Here are projects that work: training and hiring quality teachers, smaller classes, individualized learning programs, early childhood education, and developing programs to improve high school graduation rates and opportunities for college education. 

MidlandsBiz:
Talk a little about the Riley Institute. 

Dick Riley:
I am very proud of the Riley Institute and its relationship with Furman University.  David Shi, the President of Furman, understands the critical role that experience plays in developing leaders.

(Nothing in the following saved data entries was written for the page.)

(* There is no $(v,[k_1,k_2,1],\lambda)$ Hadamard partitioned difference family, for any integers $v,k_1,k_2,\lambda$.
   Context: $G$ is a finite group of order $v$ written additively, with difference $x-y:=x+(-y)$. For $B\subseteq G$, $\Delta B$ is the multiset $\{x-y: x,y\in B, x\neq y\}$; for $\mathcal{F}=\{B_1,\dots,B_t\}$, $\Delta\mathcal{F}$ is the multiset union of the $\Delta B_i$. A $(v,[k_1,\dots,k_t],\lambda)$ partitioned difference family (PDF) is a collection $\{B_1,\dots,B_t\}$ of subsets partitioning some group $G$ of order $v$ with $|B_i|=k_i$ such that $\Delta\mathcal{F}$ contains every non-zero element of $G$ exactly $\lambda$ times. It is Hadamard (HPDF) if $v=2\lambda$. *)

From mathcomp Require Import all_boot all_fingroup.
Set Implicit Arguments. Unset Strict Implicit. Unset Printing Implicit Defensive.
Local Open Scope group_scope.

(* The paper writes the group additively with x - y := x + (-y); in
   MathComp's multiplicative finGroupType notation this is x * y^-1. *)

Definition diff_mult (gT : finGroupType) (B : {set gT}) (g : gT) : nat :=
  #|[set p : gT * gT | [&& p.1 \in B, p.2 \in B, p.1 != p.2 & p.1 * p.2^-1 == g]]|.

Definition is_PDF (gT : finGroupType) (G : {group gT}) (F : seq {set gT})
    (v : nat) (ks : seq nat) (lambda : nat) : Prop :=
  #|G| = v /\
      size F = size ks /\
      (forall i, i < size F -> nth set0 F i != set0) /\
      (forall i j, i < size F -> j < size F -> i != j ->
         [disjoint nth set0 F i & nth set0 F j]) /\
      \bigcup_(B <- F) B = G :> {set gT} /\
      (forall i, i < size F -> #|nth set0 F i| = nth 0%N ks i) /\
      (forall g, g \in G -> g != 1 -> \sum_(B <- F) diff_mult B g = lambda).

Definition is_HPDF (gT : finGroupType) (G : {group gT}) (F : seq {set gT})
    (v : nat) (ks : seq nat) (lambda : nat) : Prop :=
  is_PDF G F v ks lambda /\ v = (2 * lambda)%N.

(* Translate the family so that its singleton block is {1}, and let E, of size
   k, be one of the two other blocks, so that the third one is G minus E and 1.
   Counting differences gives, for g <> 1,
     2 |E :&: gE| + [g \in E] + [g^-1 \in E] + lambda = 2k + 2;
   an involution of G (whose order 2 lambda is even) shows that lambda is even,
   hence E = E^-1.  The group matrix A = ([x y^-1 \in E])_(x, y \in G) then
   satisfies AJ = JA = kJ, tr A = 0 and 2 A^2 + 2 A = (lambda - 2) I
   + (2k + 2 - lambda) J.  On the all-ones vector this yields
   (2 lambda - 1 - 2k)^2 = 3 (2 lambda - 1); on its complement A has the
   eigenvalues (-1 +- sqrt(2 lambda - 3)) / 2 with integral multiplicities, and
   tr A = 0 gives (2 lambda - 1 - 2k)^2 = (2 lambda - 3) x^2 for an integer x.
   Hence 2 lambda - 3 divides 6, and the remaining cases force k = 0 or
   k = 2 lambda - 2, i.e. an empty block. *)

From mathcomp Require Import all_boot all_order all_algebra all_fingroup pgroup algC.
From mathcomp Require Import ring zify.
Set Implicit Arguments. Unset Strict Implicit. Unset Printing Implicit Defensive.
Import GRing.Theory Num.Theory.
Local Open Scope ring_scope.
(* Let $\eta>0$, $L>0$, and for each $t$ let $\widehat\varphi_t$ be a convex function with $C\subset\operatorname{dom}\partial\widehat\varphi_t$ whose subdifferential is $L$-Lipschitz on $C$, i.e. $\|g-h\|\le L\|x-y\|$ for all $x,y\in C$, $g\in\partial\widehat\varphi_t(x)$, $h\in\partial\widehat\varphi_t(y)$. Run OGP: $\widetilde{x}_{t+1}=P_C(\widetilde{x}_t-\eta x_t^* )$ with $x_t^*\in\partial\varphi_t(x_t)$, $x_{t+1}=P_C(\widetilde{x}_{t+1}-\eta\widehat{x}_{t+1}^* )$, $\widetilde x_1\in C$, with predictions $\widehat{x}_t^*\in\partial\widehat\varphi_t(\widetilde{x}_t)$. Then for every $T\ge1$ and every $z_1,\dots,z_T\in C$, with $P_T=\sum_{t=2}^T\|z_t-z_{t-1}\|$, $$\sum_{t=1}^T\varphi_t(x_t)-\varphi_t(z_t)\le \frac{\rho(\rho+2P_T)}{2\eta}+\eta\sum_{t=1}^T\Big(\sup_{x\in C,\ g\in\partial\varphi_t(x),\ \widehat g\in\partial\widehat\varphi_t(x)}\|g-\widehat g\|^2+\mathbf 1\{\eta>\tfrac{1}{\sqrt2 L}\}\,L^2\|x_t-\widetilde{x}_t\|^2\Big).$$
   Context: $H$ is a real Hilbert space; $C\subset H$ is nonempty, closed, convex with diameter $\rho=\sup_{x,y\in C}\|x-y\|<\infty$; $P_C$ is the metric projection onto $C$; each loss $\varphi_t$ is convex with $C\subset\operatorname{dom}\partial\varphi_t$; $\mathbf 1\{\cdot\}$ is the zero-one indicator. *)

From HB Require Import structures.
From mathcomp Require Import all_boot all_order all_algebra.
From mathcomp Require Import all_classical all_reals all_analysis.
Set Implicit Arguments. Unset Strict Implicit. Unset Printing Implicit Defensive.
Import Order.TTheory GRing.Theory Num.Theory.
Import numFieldNormedType.Exports.
Local Open Scope classical_set_scope.
Local Open Scope ring_scope.

(* A real Hilbert space is a complete normed space whose norm comes from an
   inner product [ip]: [ip] is symmetric, linear in the first argument and
   [ip x x = `|x|^2]. *)
Definition is_inner_product (R : realType) (H : completeNormedModType R)
    (ip : H -> H -> R) : Prop :=
  [/\ forall x y, ip x y = ip y x,
      forall (a : R) x y z, ip (a *: x + y) z = a * ip x z + ip y z
    & forall x, ip x x = `|x| ^+ 2].

Definition convex_set_H (R : realType) (H : completeNormedModType R)
    (C : set H) : Prop :=
  forall x y (l : R), C x -> C y -> 0 <= l <= 1 -> C (l *: x + (1 - l) *: y).

Definition convex_ext (R : realType) (H : completeNormedModType R)
    (f : H -> \bar R) : Prop :=
  (forall x, f x != -oo%E) /\
  forall (x y : H) (l : R), 0 < l < 1 ->
    (f (l *: x + (1 - l) *: y)%R <= l%:E * f x + (1 - l)%:E * f y)%E.
Section Components.
Variable j0 : 'I_n.
Local Notation agent k := (nth j0 (agents_by_pos x) k).

(* Blocks are unions of components since their ends are barriers; singletons are isolated. *)
Lemma twist_blocks_connect p q : p \in twist_blocks -> q \in twist_blocks ->
  connect G (agent p.1) (agent q.1) -> p = q.
Proof.
move=> pB qB; have /andP [p12 p2n] := twist_block_bounds pB.
have /andP [q12 q2n] := twist_block_bounds qB.
have p1n := leq_ltn_trans p12 p2n; have q1n := leq_ltn_trans q12 q2n.
have q_q1 : (q.1 <= q.1 <= q.2)%N by rewrite leqnn.
case/twist_blocksP: (pB) => [[a [b [blk p_ab]]]|[_ _ pU]] conn.
  have := closed_connect (closed_between G_sym (block_closed_above blk)
    (block_closed_below G_sym blk)) conn.
  have [_ _ za _ rank] := block_indexP blk; rewrite -p_ab in za rank.
  rewrite !inE !pos_agents_by_pos // za lexx (block_le blk) -rank // => /esym p_q1.
  exact: twist_blocks_disjoint pB qB q1n p_q1 q_q1.
have ap_iso : ~ U (x (agent p.1)) by rewrite pos_agents_by_pos.
have := closed_connect (uncovered_closed1 ap_iso) conn; rewrite !inE eqxx => /esym.
rewrite nth_uniq ?size_agents_by_pos ?agents_by_pos_uniq // => /eqP q1p1.
by apply: (twist_blocks_disjoint pB qB p1n); rewrite ?leqnn // -q1p1.
Qed.

End Components.

Lemma size_twist_blocks : (size twist_blocks <= n_comp G predT)%N.
Proof.
have [n0|n_gt0] := posnP n.
  have nn0 : (n * n = 0)%N by rewrite n0.
  by rewrite size_filter (leq_trans (count_size _ _)) // size_allpairs size_iota nn0.
pose rep (p : nat * nat) := fingraph.root G (nth (Ordinal n_gt0) (agents_by_pos x) p.1).
have G_csym : connect_sym G := sym_connect_sym G_sym.
have rep_uniq : uniq (map rep twist_blocks).
  rewrite map_inj_in_uniq ?twist_blocks_uniq // => p q pB qB /eqP.
  by rewrite root_connect //; apply: twist_blocks_connect.
rewrite /n_comp_mem -(size_map rep) -(card_uniqP rep_uniq); apply: subset_leq_card.
apply/fintype.subsetP => r /mapP [p _ ->]; rewrite !inE /= andbT.
by rewrite /rep /fingraph.roots /= root_root.
Qed.

Local Open Scope ereal_scope.
Local Open Scope classical_set_scope.
(** Such a limit lies in [Ker U], since [‖U·‖²] is continuous. *)
Lemma small_image_limit_in_ker (ys : nat -> H) phi y :
  (forall n, Sf (ys n) < / (INR n + 1)) -> (forall k, (phi k < phi (S k))%nat) ->
  nconv (fun k => ys (phi k)) y -> kerU f y.
Proof.
  intros Hys Hphi Hyc. apply (Sf_zero_ker f Sf HSf).
  apply small_zero; [apply (Sf_nonneg f Sf HSf)|]. intros eps He.
  destruct (Hyc (eps / (8 * Bf))) as [N1 HN1]; [apply Rdiv_lt_0_compat; lra|].
  destruct (inv_small (eps / 8)) as [N2 HN2]; [lra|].
  set (n := Nat.max N1 N2). specialize (HN1 n ltac:(lia)). pose proof (strict_incr_ge phi Hphi n).
  specialize (HN2 (phi n) ltac:(lia)). specialize (Hys (phi n)).
  pose proof (Sf_add_le f Sf HSf (hsub y (ys (phi n))) (ys (phi n))) as Ha. rewrite hsub_add in Ha.
  pose proof (Sf_le_bound f Sf HSf Bf (hsub y (ys (phi n))) HBf) as Hb.
  rewrite normsq_sub_sym in Hb.
  assert (Bf * normsq (hsub (ys (phi n)) y) < Bf * (eps / (8 * Bf)))
    by (apply Rmult_lt_compat_l; lra).
  assert (Bf * (eps / (8 * Bf)) = eps / 8) by (field; lra). lra.
Qed.

Section KernelBasis.
Variables (d : nat) (w : nat -> H).
Hypothesis Hon : orthonormal d w.
Hypothesis Hwk : forall i, (i < d)%nat -> kerU f (w i).
Hypothesis Hsp : forall x, kerU f x -> in_span d w x.

Lemma proj_in_ker x : kerU f (proj d w x).
Proof. unfold proj. apply comb_in; auto using subsp_ker. Qed.

Lemma small_image_unit_seq :
  ~ (exists c, 0 < c /\ forall x, c * normsq (hsub x (proj d w x)) <= Sf x) ->
  exists ys : nat -> H, forall n, normsq (ys n) = 1 /\
    (forall i, (i < d)%nat -> inner H (ys n) (w i) = C0) /\ Sf (ys n) < / (INR n + 1).
Proof.
  intros Hno.
  apply (choice_fun (fun n y => normsq y = 1 /\
    (forall i, (i < d)%nat -> inner H y (w i) = C0) /\ Sf y < / (INR n + 1))). intros n.
  assert (Hinv : 0 < / (INR n + 1)) by (apply Rinv_0_lt_compat; pose proof (pos_INR n); lra).
  destruct (classic (exists x, Sf x < / (INR n + 1) * normsq (hsub x (proj d w x))))
    as [[x Hx]|Hall].
  2:{ exfalso. apply Hno. exists (/ (INR n + 1)). split; auto.
      intros x. apply Rnot_lt_le. intros Hl. apply Hall. eauto. }
  set (z := hsub x (proj d w x)) in Hx.
  assert (Hz : 0 < normsq z).
  { pose proof (Sf_nonneg f Sf HSf x). destruct (normsq_nonneg z) as [|E]; auto.
    rewrite <- E in Hx. lra. }
  exists (normalize z). split; [|split].
  - now apply normsq_normalize.
  - intros i Hi. unfold normalize. rewrite inner_scal_l. unfold z. rewrite proj_perp by auto. cring.
  - rewrite (Sf_normalize f Sf HSf) by auto. unfold z.
    rewrite (Sf_sub_ker f Sf HSf) by apply proj_in_ker.
    apply (Rmult_lt_reg_r (normsq z)); auto. unfold Rdiv.
    rewrite Rmult_assoc, Rinv_l by lra. fold z. lra.
Qed.
(* Let $n\ge1$, let $f:\{0,1\}^n\to\{0,1\}^n$ be a Boolean model, and let $h$ be a multivalued refinement of $f$ on $X=\prod_{j=1}^n\{0,1,\dots,m_j\}$ built by the threshold construction described in the context. Let $J=\{j: m_j>1\}$ and suppose no component $g_j$ with $j\in J$ is self-inhibited. For a Boolean state $\omega$, let $\omega'\in X$ be obtained from $\omega$ by replacing, for each $j\in J$, the coordinate $\omega_j$ by $m_j$ whenever $\omega_j=1$. (1) If $\omega$ is a fixed point of $f$, then $\omega'$ is a fixed point of $h$; moreover every fixed point of $h$ is of the form $\omega'$ for some fixed point $\omega$ of $f$. (2) If the attractors of the asynchronous dynamics of $f$ are exactly $l$ fixed points $\omega^{(1)},\dots,\omega^{(l)}$, then $\omega'^{(1)},\dots,\omega'^{(l)}$ are the only attractors of the asynchronous dynamics of $h$.
   Context: Asynchronous dynamics of a map $h:X\to X$ ($X=\prod_j\{0,\dots,m_j\}$, $h_j(x)-x_j\in\{-1,0,1\}$): a transition $x\to y$ exists if there is $i_0$ with $x_{i_0}\neq h_{i_0}(x)$, $y_{i_0}=x_{i_0}+\mathrm{sign}(h_{i_0}(x)-x_{i_0})$, $y_j=x_j$ otherwise. The attractors are the terminal strongly connected components of this state transition graph; a fixed point is a state $x$ with $h(x)=x$. For $x\in X$, $\alpha(x)=\{x'\in\{0,1\}^n:\forall j,\ (x_j=0\Rightarrow x'_j=0),(x_j=m_j\Rightarrow x'_j=1)\}$. A multivalued model $h$ is a refinement of $f$ if for all $x\in X$, $j$: $h_j(x)<x_j\Rightarrow\exists x'\in\alpha(x), f_j(x')<x'_j$ and $h_j(x)>x_j\Rightarrow\exists x'\in\alpha(x), f_j(x')>x'_j$. Threshold construction: write each $f_{j_0}$ in a shortest disjunctive normal form of literals $x_j$ or $\neg x_j$; for each literal whose variable $j$ has $m_j>1$, choose $s\in\{0,\dots,m_j-1\}$ and replace $x_j$ by $x_j\ge s+1$, $\neg x_j$ by $x_j<s+1$; set $\mathcal H_{j_0}(x)=+1$ if the resulting formula is true at $x\in X$ and $-1$ otherwise, and $h_j(x)=\max(0,\min(m_j,x_j+\mathcal H_j(x)))$. Component $g_j$ is self-inhibited if $\neg x_j$ occurs in the shortest DNF of $f_j$. *)

From Stdlib Require Import Relations.
From mathcomp Require Import all_boot.
Set Implicit Arguments. Unset Strict Implicit. Unset Printing Implicit Defensive.

Definition bstate (n : nat) := {ffun 'I_n -> bool}.
Definition mstate (n : nat) := {ffun 'I_n -> nat}.

Definition inX (n : nat) (m : 'I_n -> nat) (x : mstate n) : Prop :=
  forall j, x j <= m j.

(* A literal: (variable j, polarity); true = x_j, false = ~ x_j. *)
Definition lit (n : nat) := ('I_n * bool)%type.
Definition dnf (n : nat) := seq (seq (lit n)).

Definition lit_eval (n : nat) (w : bstate n) (l : lit n) : bool :=
  if l.2 then w l.1 else ~~ w l.1.
Definition dnf_eval (n : nat) (w : bstate n) (D : dnf n) : bool :=
  has (all (lit_eval w)) D.

Definition is_dnf_of (n : nat) (f : bstate n -> bstate n) (j : 'I_n) (D : dnf n) :=
  forall w, f w j = dnf_eval w D.

Definition dnf_size (n : nat) (D : dnf n) : nat := sumn (map size D).

Definition shortest_dnf_of (n : nat) (f : bstate n -> bstate n) (j : 'I_n) (D : dnf n) :=
  is_dnf_of f j D /\ forall D', is_dnf_of f j D' -> dnf_size D <= dnf_size D'.

(* component j is self-inhibited: ~x_j occurs in the (chosen) shortest DNF of f_j *)
Definition self_inhibited (n : nat) (D : 'I_n -> dnf n) (j : 'I_n) : Prop :=
  has (fun c => (j, false) \in c) (D j).

(* thresholded literal ((j, polarity), s): x_j >= s+1, resp. x_j < s+1 *)
Definition tlit (n : nat) := (('I_n * bool) * nat)%type.
Definition tdnf (n : nat) := seq (seq (tlit n)).

Definition forget (n : nat) (T : tdnf n) : dnf n := map (map (fun l => l.1)) T.

Definition tlit_eval (n : nat) (x : mstate n) (l : tlit n) : bool :=
  if l.1.2 then l.2.+1 <= x l.1.1 else x l.1.1 < l.2.+1.
Definition tdnf_eval (n : nat) (x : mstate n) (T : tdnf n) : bool :=
  has (all (tlit_eval x)) T.

(* admissible thresholds: s in {0..m_j-1} if m_j > 1; literal unchanged
   (i.e. s = 0, as x_j >= 1 <-> x_j = 1 on {0,1}) if m_j = 1 *)
Definition thresholds_ok (n : nat) (m : 'I_n -> nat) (T : 'I_n -> tdnf n) : Prop :=
  forall j c l, c \in T j -> l \in c ->
    if 1 < m l.1.1 then l.2 < m l.1.1 else l.2 == 0.

(* h_j(x) = max(0, min(m_j, x_j + H_j(x))), H_j = +1 if formula true else -1
   (nat truncated subtraction realises the max with 0) *)
Definition hmap (n : nat) (m : 'I_n -> nat) (T : 'I_n -> tdnf n) (x : mstate n)
  : mstate n :=
  [ffun j => if tdnf_eval x (T j) then minn (m j) (x j).+1
             else minn (m j) (x j).-1].

Definition bstep (n : nat) (f : bstate n -> bstate n) (x y : bstate n) : Prop :=
  exists i, x i != f x i /\ y i = f x i /\ forall j, j != i -> y j = x j.

Definition mstep (n : nat) (h : mstate n -> mstate n) (x y : mstate n) : Prop :=
  exists i, x i != h x i /\
    y i = (if x i < h x i then (x i).+1 else (x i).-1) /\
    forall j, j != i -> y j = x j.

(* attractor = terminal strongly connected component of the state transition
   graph restricted to the state space dom *)
Definition attractor (S : Type) (dom : S -> Prop) (step : S -> S -> Prop)
  (A : S -> Prop) : Prop :=
  (exists x, A x) /\ (forall x, A x -> dom x) /\
  (forall x y, A x -> A y -> clos_refl_trans S step x y) /\
  (forall x y, A x -> clos_refl_trans S step x y -> A y).

Definition lift_state (n : nat) (m : 'I_n -> nat) (w : bstate n) : mstate n :=
  [ffun j => if (1 < m j) && w j then m j else nat_of_bool (w j)].

(* On a lifted Boolean state every threshold literal evaluates like the Boolean
   literal it refines, so the formula of h_j at w' is f_j(w): fixed points
   correspond, and a Boolean transition is simulated by walking the flipped
   coordinate of w' to 0 or m_j. Since no j in J is self-inhibited, the formula
   of h_j only contains x_j positively, hence is monotone in x_j; this keeps such
   a walk going to its end, and likewise drives any state of X coordinatewise
   to a lifted Boolean state. So every attractor of h contains a lifted Boolean
   state, from which the lift of one of the fixed points of f is reachable; as a
   fixed point of h, that lift is the whole attractor. *)

From Stdlib Require Import Relations ClassicalEpsilon Classical.
From mathcomp Require Import all_boot zify.
Set Implicit Arguments. Unset Strict Implicit. Unset Printing Implicit Defensive.

Section Attractors.
Variables (S : Type) (dom : S -> Prop) (step : S -> S -> Prop).
Local Notation reach := (clos_refl_trans S step).

Lemma reach_stuck (z y : S) : (forall u, ~ step z u) -> reach z y -> y = z.
Proof. by move=> stuck zy; case: {zy}(clos_rt_rt1n _ _ _ _ zy) => // u v /stuck. Qed.

Lemma attractor_stuck (A : S -> Prop) (z : S) :
  dom z -> (forall u, ~ step z u) -> (forall y, A y <-> y = z) ->
  attractor dom step A.
Proof.
move=> domz stuck Az; split; first by exists z; apply/Az.
split; first by move=> x /Az ->.
split; first by move=> x y /Az -> /Az ->; apply: rt_refl.
by move=> x y /Az -> /(reach_stuck stuck) ->; apply/Az.
Qed.

Lemma attractor_stuckE (A : S -> Prop) (z : S) :
  attractor dom step A -> A z -> (forall u, ~ step z u) ->
  forall y, A y <-> y = z.
Proof.
move=> [_ [_ [connA _]]] Az stuck y; split=> [Ay|-> //].
exact: reach_stuck stuck (connA z y Az Ay).
Qed.

Lemma attractor_reach_terminal (y : S) :
  (forall z, reach y z -> reach z y) -> attractor (fun _ => True) step (reach y).
Proof.
move=> term; split; first by exists y; apply: rt_refl.
split=> //; split=> [x z /term xy yz | x z yx xz]; [exact: rt_trans yz | exact: rt_trans xz].
Qed.
End Attractors.

Section FiniteGraph.
Variables (S : finType) (step : S -> S -> Prop).
Local Notation reach := (clos_refl_trans S step).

There is a real premium these days in getting students involved in engaged learning, hands-on learning, and service learning. 

We also promote leadership by bringing in top national and international figures to speak at our annual conferences, dinners and other events.  Another successful initiative is our Diversity Leadership Institute that promotes diversity in a very positive way. 

MidlandsBiz:
What are some of your favorite books? 

Dick Riley:
I have always been involved in positions where an immense amount of reading and preparation is required, so I read a lot for business and for pleasure.

I just read The Nine, which is a history of the Supreme Court.  I guess I never did get over that decision I mentioned earlier.

John Adams by William McCullough is a great, well-written history of one of the founding fathers of our country. 

MidlandsBiz:
What advice do you give to young people today?

Dick Riley:
It's an exciting time to be alive, but 21st century skills are absolutely necessary to survive in the 21st century.  Learning about and mastering the use of technology is important in your careers.  You have access to all the information in the world through the Internet; but you have to be careful how you use it.  Reading and math skills are important but, once you have these basic skills, you also need to develop your own creative and innovative thoughts. 

The most important trait that corporations are looking for these days is the ability to work with people.  It gets back to the point that I made earlier about the importance of listening to and respecting other people.